Records from a collection
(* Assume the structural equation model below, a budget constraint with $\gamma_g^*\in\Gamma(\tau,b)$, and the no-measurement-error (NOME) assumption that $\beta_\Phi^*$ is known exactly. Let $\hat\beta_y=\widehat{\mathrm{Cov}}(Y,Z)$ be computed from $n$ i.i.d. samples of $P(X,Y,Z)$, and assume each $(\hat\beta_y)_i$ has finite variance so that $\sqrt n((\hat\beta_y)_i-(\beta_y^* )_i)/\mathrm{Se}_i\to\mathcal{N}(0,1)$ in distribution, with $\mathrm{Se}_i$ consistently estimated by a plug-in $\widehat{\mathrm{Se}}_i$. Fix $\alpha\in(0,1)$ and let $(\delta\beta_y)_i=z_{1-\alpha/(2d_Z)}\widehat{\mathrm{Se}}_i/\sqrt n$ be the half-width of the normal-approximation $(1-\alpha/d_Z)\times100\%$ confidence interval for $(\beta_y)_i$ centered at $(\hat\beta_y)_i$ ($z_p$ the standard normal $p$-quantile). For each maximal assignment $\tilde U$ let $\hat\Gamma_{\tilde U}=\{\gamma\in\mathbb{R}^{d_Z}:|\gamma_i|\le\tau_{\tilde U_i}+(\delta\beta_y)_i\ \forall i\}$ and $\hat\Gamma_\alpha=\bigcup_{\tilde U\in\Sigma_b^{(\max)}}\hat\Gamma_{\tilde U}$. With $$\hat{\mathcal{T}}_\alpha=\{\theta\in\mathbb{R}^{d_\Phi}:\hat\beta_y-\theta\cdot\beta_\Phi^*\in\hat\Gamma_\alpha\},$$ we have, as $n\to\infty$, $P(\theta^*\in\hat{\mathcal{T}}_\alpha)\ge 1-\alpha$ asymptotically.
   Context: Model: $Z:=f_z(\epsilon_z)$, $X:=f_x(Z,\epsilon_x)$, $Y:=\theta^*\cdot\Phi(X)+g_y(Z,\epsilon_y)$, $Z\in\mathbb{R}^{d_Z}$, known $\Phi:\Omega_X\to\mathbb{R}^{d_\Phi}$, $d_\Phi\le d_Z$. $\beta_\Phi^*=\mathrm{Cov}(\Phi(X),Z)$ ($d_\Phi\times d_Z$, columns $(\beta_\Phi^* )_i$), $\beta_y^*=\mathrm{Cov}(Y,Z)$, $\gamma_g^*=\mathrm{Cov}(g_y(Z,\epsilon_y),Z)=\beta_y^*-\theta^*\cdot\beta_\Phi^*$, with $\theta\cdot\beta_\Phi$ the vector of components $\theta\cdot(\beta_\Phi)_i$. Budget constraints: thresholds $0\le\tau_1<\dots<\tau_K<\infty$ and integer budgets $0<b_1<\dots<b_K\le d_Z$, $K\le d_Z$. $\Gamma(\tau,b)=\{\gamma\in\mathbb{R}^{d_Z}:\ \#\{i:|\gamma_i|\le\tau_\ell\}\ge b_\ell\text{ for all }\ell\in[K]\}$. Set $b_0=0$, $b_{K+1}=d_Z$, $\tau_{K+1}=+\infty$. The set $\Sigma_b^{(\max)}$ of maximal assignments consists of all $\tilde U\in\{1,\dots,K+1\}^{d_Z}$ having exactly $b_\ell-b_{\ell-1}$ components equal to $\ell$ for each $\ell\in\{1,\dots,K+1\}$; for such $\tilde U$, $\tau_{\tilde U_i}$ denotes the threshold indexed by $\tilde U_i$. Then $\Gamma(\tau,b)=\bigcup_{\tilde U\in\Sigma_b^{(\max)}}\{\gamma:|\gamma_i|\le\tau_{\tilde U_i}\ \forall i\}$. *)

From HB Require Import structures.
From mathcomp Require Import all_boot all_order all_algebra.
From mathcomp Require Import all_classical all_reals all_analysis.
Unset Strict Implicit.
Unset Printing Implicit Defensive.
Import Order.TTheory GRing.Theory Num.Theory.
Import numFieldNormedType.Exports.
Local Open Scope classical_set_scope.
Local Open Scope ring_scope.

--- Instructions for the task ---
Would you retype the lines of the data above, from the one holding "Import numFieldNormedType.Exports." through its final line, exactly and without adding any other line?

--- Exercise solution ---
Import numFieldNormedType.Exports.
Local Open Scope classical_set_scope.
Local Open Scope ring_scope.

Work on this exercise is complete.